３００ビデオストーリー質問応答のためのトランスフォーマーモデルを構築する装置
３１０入出力部
３２０保存部
３３０制御部 300 Apparatus for constructing transformer model for video story question answering 310 input/output unit 320 storage unit 330 control unit

Claims

an input/output unit for receiving video data including a plurality of continuous video clips and question data for video question answering, and for outputting a video story question answering result;
a storage unit for storing programs and data for performing video story Q&A;
a controller comprising at least one processor for building a transformer model for video story question answering by executing the program;
The control unit
A transformer model for video story question answering, wherein a video story is learned from the video data including the plurality of continuous video clips, taking into consideration the contexts of preceding and succeeding video clips adjacent to each other in temporal order. equipment for building

The video clip is
including a plurality of visual tokens and text tokens;
The control unit
Visual tokens and text tokens included in each video clip corresponding to a preset section through each separated encoder are received as input, and the lower hierarchy of the adjacent video clips is received. layer), and utilizing the calculated hidden representation to calculate a representation of the video data considering the context before and after the video storage is learned. The apparatus for building a transformer model for video story question answering according to claim 1.

The control unit
2. The apparatus of claim 1, wherein temporal order is learned using a masked modality model for each video clip. .

4. The apparatus of claim 3, wherein the Masked Modality Model is learned by Negative Contrastive Learning.

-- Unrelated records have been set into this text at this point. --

(* Let $M$ be a JBW$^*$-triple and $T:M\to M$ a bounded linear map which is triple derivable at orthogonal pairs. For each tripotent $e\in M$ put $\xi_e:=\tfrac12\big(P_2(e)T(e)+Q(e)T(e)\big)\in M_2(e)$. Let $e_1,\dots,e_{m_1}$ and $v_1,\dots,v_{m_2}$ be two families of mutually orthogonal tripotents in $M$ and $\lambda_j,\mu_k>0$ with $\sum_{j=1}^{m_1}\lambda_je_j=\sum_{k=1}^{m_2}\mu_kv_k$. Then $\sum_{j=1}^{m_1}\lambda_j\xi_{e_j}=\sum_{k=1}^{m_2}\mu_k\xi_{v_k}$.
   Context: A JB$^*$-triple is a complex Banach space with a continuous triple product $\{\cdot,\cdot,\cdot\}$, bilinear and symmetric in the outer variables and conjugate-linear in the middle one, satisfying the Jordan identity $L(a,b)L(x,y)=L(x,y)L(a,b)+L(L(a,b)x,y)-L(x,L(b,a)y)$, with $L(a,a)$ hermitian of non-negative spectrum and $\|\{a,a,a\}\|=\|a\|^3$, where $L(a,b)x=\{a,b,x\}$; a JBW$^*$-triple is a JB$^*$-triple that is a dual Banach space. Elements $a,b$ are orthogonal ($a\perp b$) if $L(a,b)=0$. A linear map $T$ is triple derivable at orthogonal pairs if $\{T(a),b,c\}+\{a,T(b),c\}+\{a,b,T(c)\}=0$ for all $a,b,c$ with $a\perp b$. A tripotent is $e$ with $\{e,e,e\}=e$; $M_2(e)=\{x:\{e,e,x\}=x\}$, $P_2(e)$ is the Peirce-2 projection, $Q(e)x=\{e,x,e\}$. (By the paper's results, $\xi_e$ is the unique self-adjoint central element of the JB$^*$-algebra $M_2(e)$, with product $x\circ_e y=\{x,e,y\}$ and involution $x^{*_e}=\{e,x,e\}$, such that $P_2(e)T(a)-\xi_e\circ_e a$ is a triple derivation of $M_2(e)$.) *)

From mathcomp Require Import all_boot all_order all_algebra.
From mathcomp Require Import all_classical all_reals all_analysis.
From mathcomp.real_closed Require Export complex.
Import Order.TTheory GRing.Theory Num.Theory.
Import numFieldNormedType.Exports.
Local Open Scope ring_scope.

Set Implicit Arguments.
Unset Strict Implicit.
Unset Printing Implicit Defensive.

Section JBTriples.
Variable R : realType.
Local Notation C := R[i].
Variable X : completeNormedModType C.

Definition bounded_op (S : X -> X) : Prop := linear S /\ continuous S.

Definition invertible_op (S : X -> X) : Prop :=
  exists U : X -> X, bounded_op U /\ cancel S U /\ cancel U S.

Definition spectrum (S : X -> X) (lam : C) : Prop :=
  ~ invertible_op (fun x => S x - lam *: x).

Definition state_pair (x : X) (phi : X -> C) : Prop :=
  [/\ linear phi, continuous (phi : X -> C^o), `|x| = 1,
      (forall y, `|phi y| <= `|y|) & phi x = 1].

(* (spatial) numerical range and hermitian operators (Vidav-Lumer) *)
Definition numerical_range (S : X -> X) (z : C) : Prop :=
  exists x phi, state_pair x phi /\ z = phi (S x).

Definition hermitian (S : X -> X) : Prop :=
  bounded_op S /\ forall z, numerical_range S z -> z \is Num.real.

(* X is (isometrically isomorphic to) the dual of some complex Banach
   space Y, via J : X -> Y^* *)
Definition is_dual_Banach_space : Prop :=
  exists (Y : completeNormedModType C) (J : X -> Y -> C),
    [/\ (forall x, linear (J x) /\ continuous (J x : Y -> C^o)),
        (forall (a : C) x x' y, J (a *: x + x') y = a * J x y + J x' y),
        (forall f : Y -> C, linear f -> continuous (f : Y -> C^o) -> exists x, J x = f),
        (forall x y, `|J x y| <= `|x| * `|y|) &
        (forall x (eps : C), 0 < eps ->
           exists y : Y, `|y| <= 1 /\ `|x| - eps < `|J x y|)].

Definition Lop (tp : X -> X -> X -> X) (a b : X) : X -> X := tp a b.
(* Let $n\geq 2$, $k>0$, $m=\lfloor n/2\rfloor$, and $a\in\mathbb{C}^{2^m}$. Let $\phi'_{a,0}$ be the Killing spinor on $(\mathbb{H}^n_{-k^2},g')$ corresponding to $a$ (described in the context). Then at every point $X\in\mathbb{H}^n_{-k^2}\subset\mathbb{R}^{n,1}$, $$|\phi'_{a,0}|^2_{g'}=-2k\,X\cdot\zeta_a,$$ where $$\zeta_a=\sum_{j=1}^n\langle\sqrt{-1}\,c(e_j)a,a\rangle e_j-\langle\sqrt{-1}\,c(e_0)a,a\rangle e_0=\sum_{j=1}^n\langle\sqrt{-1}\,c(e_j)a,a\rangle e_j+|a|^2e_0 .$$
   Context: $\mathbb{R}^{n,1}$ is Minkowski space with orthonormal basis $e_1=\partial/\partial x_1,\dots,e_n=\partial/\partial x_n$, $e_0=\partial/\partial t$, metric $\sum dx_i^2-dt^2$ and Lorentz inner product ''$\cdot$''. $\mathbb{H}^n_{-k^2}=\{X=(x_1,\dots,x_n,t):\sum x_i^2-t^2=-1/k^2,\ t>0\}$ with induced metric $g'$. $\langle\cdot,\cdot\rangle$ is the standard Hermitian inner product on $\mathbb{C}^{2^m}$, $c(e_j)$ ($1\le j\le n$) are Baum's Clifford matrices (complex $2^m\times2^m$ matrices with $c(e_i)c(e_j)+c(e_j)c(e_i)=-2\delta_{ij}I$, built from $g_1=\begin{pmatrix}\sqrt{-1}&0\\0&-\sqrt{-1}\end{pmatrix}$, $g_2=\begin{pmatrix}0&\sqrt{-1}\\\sqrt{-1}&0\end{pmatrix}$, $T=\begin{pmatrix}0&-\sqrt{-1}\\\sqrt{-1}&0\end{pmatrix}$, $E=I_2$ by $c(e_{2j-1})=E\otimes\cdots\otimes E\otimes g_1\otimes T\otimes\cdots\otimes T$, $c(e_{2j})=E\otimes\cdots\otimes E\otimes g_2\otimes T\otimes\cdots\otimes T$ ($j-1$ factors $E$, $m$ factors total), and, if $n=2m+1$, $c(e_n)=\sqrt{-1}\,T\otimes\cdots\otimes T$), and $c(e_0):=\sqrt{-1}I$. A Killing spinor is a spinor field $\phi'$ with $\nabla'_V\phi'+\frac{\sqrt{-1}}{2}k\,c'(V)\phi'=0$ for all $V$, $\nabla'$ the spin connection and $c'$ Clifford multiplication of $g'$. By Baum, the Killing spinors are parametrized by $a\in\mathbb{C}^{2^m}$: in the ball model $x\in\{|x|<1/k\}\subset\mathbb{R}^n$ with metric $4|dx|^2/(1-k^2|x|^2)^2$, identified with the hyperboloid via $X=\big(\tfrac{2x}{1-k^2|x|^2},\tfrac{1+k^2|x|^2}{k(1-k^2|x|^2)}\big)$, and with the spinor bundle trivialized, $\phi'_{a,0}(x)=\sqrt{\tfrac{2}{1-k^2|x|^2}}\big(a-\sqrt{-1}\,k\,c(x)a\big)$, where $c(x)=\sum_j x_jc(e_j)$ (for $k=1$ this is Baum's formula $\sqrt{2/(1-|x|^2)}(a-\sqrt{-1}c(x)a)$). *)

From HB Require Import structures.
From mathcomp Require Import all_boot all_order all_algebra.
From mathcomp Require Export complex.
Set Implicit Arguments. Unset Strict Implicit. Unset Printing Implicit Defensive.
Import Order.TTheory GRing.Theory Num.Theory.
Local Open Scope ring_scope.
Local Open Scope complex_scope.

Section Baum.
Variable R : rcfType.
Local Notation C := R[i].

(* 2x2 building blocks of Baum's Clifford matrices *)
Definition g1 : 'M[C]_2 := \matrix_(r, s)
  (if (r == 0) && (s == 0) then 'i else if (r == 1) && (s == 1) then - 'i else 0).
Definition g2 : 'M[C]_2 := \matrix_(r, s) (if r != s then 'i else 0).
Definition Tm : 'M[C]_2 := \matrix_(r, s)
  (if (r == 0) && (s == 1) then - 'i else if (r == 1) && (s == 0) then 'i else 0).
Definition Em : 'M[C]_2 := 1%:M.

(* l-th binary digit (l = 0 is the most significant one) of an index i < 2^m;
   this is the index of the l-th tensor factor. *)
Definition kbit (m i l : nat) : 'I_2 := inord (odd (i %/ 2 ^ (m - l.+1))).

(* Kronecker product F 0 (x) F 1 (x) ... (x) F (m-1) of m 2x2 matrices, written
   out entrywise. *)
Definition kron (m : nat) (F : nat -> 'M[C]_2) : 'M[C]_(2 ^ m) :=
  \matrix_(i, j) \prod_(l < m) F l (kbit m i l) (kbit m j l).

(* Baum's Clifford matrix c(e_{p+1}) for p : 'I_n, of size 2^m, m = n/2. *)
Definition cliff (n : nat) (p : 'I_n) : 'M[C]_(2 ^ n./2) :=
  let m := n./2 in
  if (p : nat) == m.*2 then (* only possible when n = 2m+1 odd and p+1 = n *)
    'i *: kron m (fun _ => Tm)
  else
    kron m (fun l => if (l < p./2)%N then Em
                     else if l == p./2 then (if odd p then g2 else g1)
                     else Tm).

Definition cliff0 (n : nat) : 'M[C]_(2 ^ n./2) := 'i%:M.

Definition cliffx (n : nat) (x : 'rV[R]_n) : 'M[C]_(2 ^ n./2) :=
  \sum_(p < n) (x 0 p)%:C *: cliff p.

Definition herm (N : nat) (u v : 'cV[C]_N) : C := \sum_(r < N) u r 0 * (v r 0)^*.

Definition sqnorm (n : nat) (x : 'rV[R]_n) : R := \sum_(p < n) x 0 p ^+ 2.

(* Minkowski vectors of R^{n,1} with complex coefficients:
   (spatial components along e_1..e_n, component along e_0) *)
Definition mink (n : nat) := ('rV[C]_n * C)%type.

Definition lorentz (n : nat) (X Y : mink n) : C :=
  \sum_(p < n) X.1 0 p * Y.1 0 p - X.2 * Y.2.

(* identification of the ball model {|x| < 1/k} with the hyperboloid *)
Definition hyp_of_ball (n : nat) (k : R) (x : 'rV[R]_n) : mink n :=
  let d := 1 - k ^+ 2 * sqnorm x in
  (\row_p (2 * x 0 p / d)%:C, ((1 + k ^+ 2 * sqnorm x) / (k * d))%:C).

Definition zeta (n : nat) (a : 'cV[C]_(2 ^ n./2)) : mink n :=
  (\row_p herm ('i *: (cliff p *m a)) a, - herm ('i *: (cliff0 n *m a)) a).

(* Killing spinor phi'_{a,0} in the ball model, trivialized *)
Definition killing (n : nat) (k : R) (a : 'cV[C]_(2 ^ n./2)) (x : 'rV[R]_n)
  : 'cV[C]_(2 ^ n./2) :=
  (Num.sqrt (2 / (1 - k ^+ 2 * sqnorm x)))%:C *:
    (a - ('i * k%:C) *: (cliffx x *m a)).

End Baum.

From HB Require Import structures.
From mathcomp Require Import all_boot all_order all_algebra.
From mathcomp Require Import complex zify ring.
Import Order.TTheory GRing.Theory Num.Theory.
Set Implicit Arguments. Unset Strict Implicit. Unset Printing Implicit Defensive.
Local Open Scope ring_scope.
Local Open Scope sesquilinear_scope.
Local Open Scope complex_scope.

(* Write d = 1 - k^2|x|^2 and z = sqrt(-1) k, so that
   phi'_{a,0} = sqrt(2/d) (a - z c(x) a).  Baum's matrices are skew-adjoint and
   satisfy the Clifford relations (checked factorwise on the Kronecker products,
   where they reduce to relations between g1, g2 and T), hence c(x) is
   skew-adjoint with c(x)^2 = -|x|^2.  As z is purely imaginary,
   |a - z c(x) a|^2 = (1 + k^2|x|^2)|a|^2 - 2 sqrt(-1) k <c(x) a, a>, and
   expanding -2k X.zeta_a with X = (2x, (1 + k^2|x|^2)/k)/d gives 2/d times
   the same expression. *)

Lemma eq_binary_digits m r1 r2 : (r1 < 2 ^ m)%N -> (r2 < 2 ^ m)%N ->
  (forall j, (j < m)%N -> odd (r1 %/ 2 ^ j) = odd (r2 %/ 2 ^ j)) -> r1 = r2.
Proof.
elim: m r1 r2 => [|m IH] r1 r2.
  by rewrite expn0 !ltnS !leqn0 => /eqP-> /eqP->.
move=> r1_lt r2_lt eq_digits.
rewrite -(odd_double_half r1) -(odd_double_half r2).
have := eq_digits 0%N isT; rewrite expn0 !divn1 => ->.
congr (_ + _.*2)%N; apply: IH; try by rewrite -divn2 ltn_divLR // -expnSr.
by move=> j lt_jm; rewrite -!divn2 -!divnMA -expnS; apply: eq_digits.
Qed.

Section Kronecker.
Variable R : rcfType.
Local Notation C := R[i].

Definition digits m (r : 'I_(2 ^ m)) : {ffun 'I_m -> 'I_2} :=
  [ffun l : 'I_m => kbit m r l].

Lemma digits_inj m : injective (@digits m).
Proof.
move=> r1 r2 /ffunP eq_r; apply/val_inj/(@eq_binary_digits m) => [||j lt_jm];
  rewrite ?ltn_ord //.
have lt_l : (m - j.+1 < m)%N by lia.
have /(congr1 val) := eq_r (Ordinal lt_l).
rewrite !ffunE /kbit /= !inordK ?ltnS ?leq_b1 //.
have -> : (m - (m - j.+1).+1 = j)%N by lia.
by do 2 case: odd.
Qed.

Lemma digits_bij m : bijective (@digits m).
Proof. by apply: inj_card_bij; [exact: digits_inj | rewrite card_ffun !card_ord]. Qed.

Lemma eq_kron m (F G : nat -> 'M[C]_2) :
  (forall l, (l < m)%N -> F l = G l) -> kron m F = kron m G.
Proof.
by move=> eqFG; apply/matrixP => i j; rewrite !mxE; apply: eq_bigr => l _; rewrite eqFG.
Qed.

(* The middle index of the product is reindexed by its vector of binary digits. *)
Lemma mulmx_kron m (F G : nat -> 'M[C]_2) :
  kron m F *m kron m G = kron m (fun l => F l *m G l).
Proof.
apply/matrixP => i j; rewrite !mxE.
under [RHS]eq_bigr do rewrite mxE.
rewrite bigA_distr_bigA (reindex (@digits m)) /=; last exact/onW_bij/digits_bij.
apply: eq_bigr => r _; rewrite !mxE -big_split; apply: eq_bigr => l _.
by rewrite ffunE.
Qed.

Lemma kron1 m : kron m (fun _ => (1%:M : 'M[C]_2)) = 1%:M.
Proof.
apply/matrixP => i j; rewrite !mxE; have [<-|neq_ij] := eqVneq i j.
  by apply: big1 => l _; rewrite mxE eqxx.
have /existsP [l neq_l] : [exists l : 'I_m, kbit m i l != kbit m j l].
  apply: contraNT neq_ij => /existsPn eq_l; apply/eqP/digits_inj/ffunP => l.
  by rewrite !ffunE; apply/eqP; rewrite -[_ == _]negbK eq_l.
by rewrite (bigD1 l) //= mxE (negbTE neq_l) mul0r.
Qed.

A method for building a transformer model for video story question answering performed by a device for building a transformer model for video story question answering, comprising:
receiving video data including a plurality of consecutive video clips and query data for video question answering;
and learning a video story from the video data including the plurality of consecutive video clips by considering the context of the preceding and following video clips adjacent to each other in temporal order. how to build.

The video clip is
including a plurality of visual tokens and text tokens;
The step of learning the video story comprises:
Visual tokens and text tokens included in each video clip corresponding to a preset section through each separated encoder are received as input, and the lower layer of the adjacent video clips is received. ) and training the video storage by computing a contextual representation of the video data utilizing the computed hidden representation. The method of building a transformer model for video story question answering of claim 5, wherein:

The step of learning the video story comprises:
6. The transformer model for video story question answering of claim 5, further comprising learning a temporal order using a masked modality model for each video clip. how to build.

8. The method of building a transformer model for video story question answering of claim 7, wherein the Masked Modality Model is learned by Negative Contrastive Learning.

A computer-readable recording medium recording a program for performing the method of claim 5.

A computer program recorded on a recording medium to be executed by an apparatus for building a transformer model for video story question answering and to perform the method of claim 5.